═════ AVAILABLE DATA ═════

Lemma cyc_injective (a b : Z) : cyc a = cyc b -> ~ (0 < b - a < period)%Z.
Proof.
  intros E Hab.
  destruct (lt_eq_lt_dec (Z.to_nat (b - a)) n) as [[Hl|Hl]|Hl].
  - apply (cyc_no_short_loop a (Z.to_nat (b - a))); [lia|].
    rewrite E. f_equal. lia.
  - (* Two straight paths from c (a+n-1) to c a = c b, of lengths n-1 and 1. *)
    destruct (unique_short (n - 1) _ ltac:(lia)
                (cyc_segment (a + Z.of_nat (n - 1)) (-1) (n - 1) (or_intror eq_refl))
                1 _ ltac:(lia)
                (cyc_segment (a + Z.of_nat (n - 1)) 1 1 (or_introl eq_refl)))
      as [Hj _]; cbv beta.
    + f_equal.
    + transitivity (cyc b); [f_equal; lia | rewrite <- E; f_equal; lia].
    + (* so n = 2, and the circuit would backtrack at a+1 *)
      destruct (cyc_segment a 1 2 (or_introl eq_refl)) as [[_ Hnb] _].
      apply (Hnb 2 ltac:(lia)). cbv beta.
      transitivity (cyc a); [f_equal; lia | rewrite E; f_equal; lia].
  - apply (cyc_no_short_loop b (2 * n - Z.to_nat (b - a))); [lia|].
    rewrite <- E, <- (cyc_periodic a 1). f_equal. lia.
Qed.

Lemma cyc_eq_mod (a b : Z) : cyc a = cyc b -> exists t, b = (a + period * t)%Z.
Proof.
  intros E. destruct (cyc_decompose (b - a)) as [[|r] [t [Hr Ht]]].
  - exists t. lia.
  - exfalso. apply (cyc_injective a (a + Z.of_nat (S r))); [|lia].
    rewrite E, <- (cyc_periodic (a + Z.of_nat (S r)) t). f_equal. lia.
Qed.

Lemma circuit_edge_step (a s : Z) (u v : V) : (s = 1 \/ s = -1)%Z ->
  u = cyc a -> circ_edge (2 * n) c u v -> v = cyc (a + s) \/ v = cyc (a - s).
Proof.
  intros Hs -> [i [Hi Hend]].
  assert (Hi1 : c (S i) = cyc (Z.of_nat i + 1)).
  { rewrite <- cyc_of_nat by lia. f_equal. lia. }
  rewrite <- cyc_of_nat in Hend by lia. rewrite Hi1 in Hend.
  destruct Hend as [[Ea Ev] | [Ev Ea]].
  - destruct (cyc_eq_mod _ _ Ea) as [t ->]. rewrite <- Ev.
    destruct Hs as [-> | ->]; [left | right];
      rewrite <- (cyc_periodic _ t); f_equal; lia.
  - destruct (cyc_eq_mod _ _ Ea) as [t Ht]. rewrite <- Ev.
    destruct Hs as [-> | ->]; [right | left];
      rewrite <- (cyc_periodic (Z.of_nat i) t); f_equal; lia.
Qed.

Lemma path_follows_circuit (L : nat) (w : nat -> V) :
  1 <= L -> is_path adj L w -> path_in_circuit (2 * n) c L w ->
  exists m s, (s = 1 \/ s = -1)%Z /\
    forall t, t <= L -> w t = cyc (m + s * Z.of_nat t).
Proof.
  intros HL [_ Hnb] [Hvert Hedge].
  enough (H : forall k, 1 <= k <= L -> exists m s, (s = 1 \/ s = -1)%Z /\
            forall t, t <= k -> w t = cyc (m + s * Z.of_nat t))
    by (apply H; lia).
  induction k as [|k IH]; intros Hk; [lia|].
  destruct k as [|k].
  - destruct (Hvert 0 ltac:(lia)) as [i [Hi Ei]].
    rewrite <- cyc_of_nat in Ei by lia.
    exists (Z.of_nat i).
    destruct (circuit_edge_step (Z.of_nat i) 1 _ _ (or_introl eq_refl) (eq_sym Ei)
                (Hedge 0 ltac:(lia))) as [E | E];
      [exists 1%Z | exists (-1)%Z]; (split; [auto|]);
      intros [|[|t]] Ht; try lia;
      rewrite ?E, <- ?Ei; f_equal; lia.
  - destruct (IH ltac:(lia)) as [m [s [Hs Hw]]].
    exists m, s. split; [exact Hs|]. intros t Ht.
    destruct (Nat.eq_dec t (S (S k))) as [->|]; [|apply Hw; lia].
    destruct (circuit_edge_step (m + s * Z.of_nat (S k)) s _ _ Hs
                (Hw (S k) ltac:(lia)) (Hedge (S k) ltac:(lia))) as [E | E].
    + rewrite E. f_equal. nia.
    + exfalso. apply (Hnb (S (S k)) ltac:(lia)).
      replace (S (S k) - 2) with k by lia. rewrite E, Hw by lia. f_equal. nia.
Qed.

═════

■ ABOUT THIS TASK: From the beginning of the listing above down to the line with "- exists t. lia.", every line should be restated exactly.

■ ANSWER BOX:
Lemma cyc_injective (a b : Z) : cyc a = cyc b -> ~ (0 < b - a < period)%Z.
Proof.
  intros E Hab.
  destruct (lt_eq_lt_dec (Z.to_nat (b - a)) n) as [[Hl|Hl]|Hl].
  - apply (cyc_no_short_loop a (Z.to_nat (b - a))); [lia|].
    rewrite E. f_equal. lia.
  - (* Two straight paths from c (a+n-1) to c a = c b, of lengths n-1 and 1. *)
    destruct (unique_short (n - 1) _ ltac:(lia)
                (cyc_segment (a + Z.of_nat (n - 1)) (-1) (n - 1) (or_intror eq_refl))
                1 _ ltac:(lia)
                (cyc_segment (a + Z.of_nat (n - 1)) 1 1 (or_introl eq_refl)))
      as [Hj _]; cbv beta.
    + f_equal.
    + transitivity (cyc b); [f_equal; lia | rewrite <- E; f_equal; lia].
    + (* so n = 2, and the circuit would backtrack at a+1 *)
      destruct (cyc_segment a 1 2 (or_introl eq_refl)) as [[_ Hnb] _].
      apply (Hnb 2 ltac:(lia)). cbv beta.
      transitivity (cyc a); [f_equal; lia | rewrite E; f_equal; lia].
  - apply (cyc_no_short_loop b (2 * n - Z.to_nat (b - a))); [lia|].
    rewrite <- E, <- (cyc_periodic a 1). f_equal. lia.
Qed.

Lemma cyc_eq_mod (a b : Z) : cyc a = cyc b -> exists t, b = (a + period * t)%Z.
Proof.
  intros E. destruct (cyc_decompose (b - a)) as [[|r] [t [Hr Ht]]].
  - exists t. lia.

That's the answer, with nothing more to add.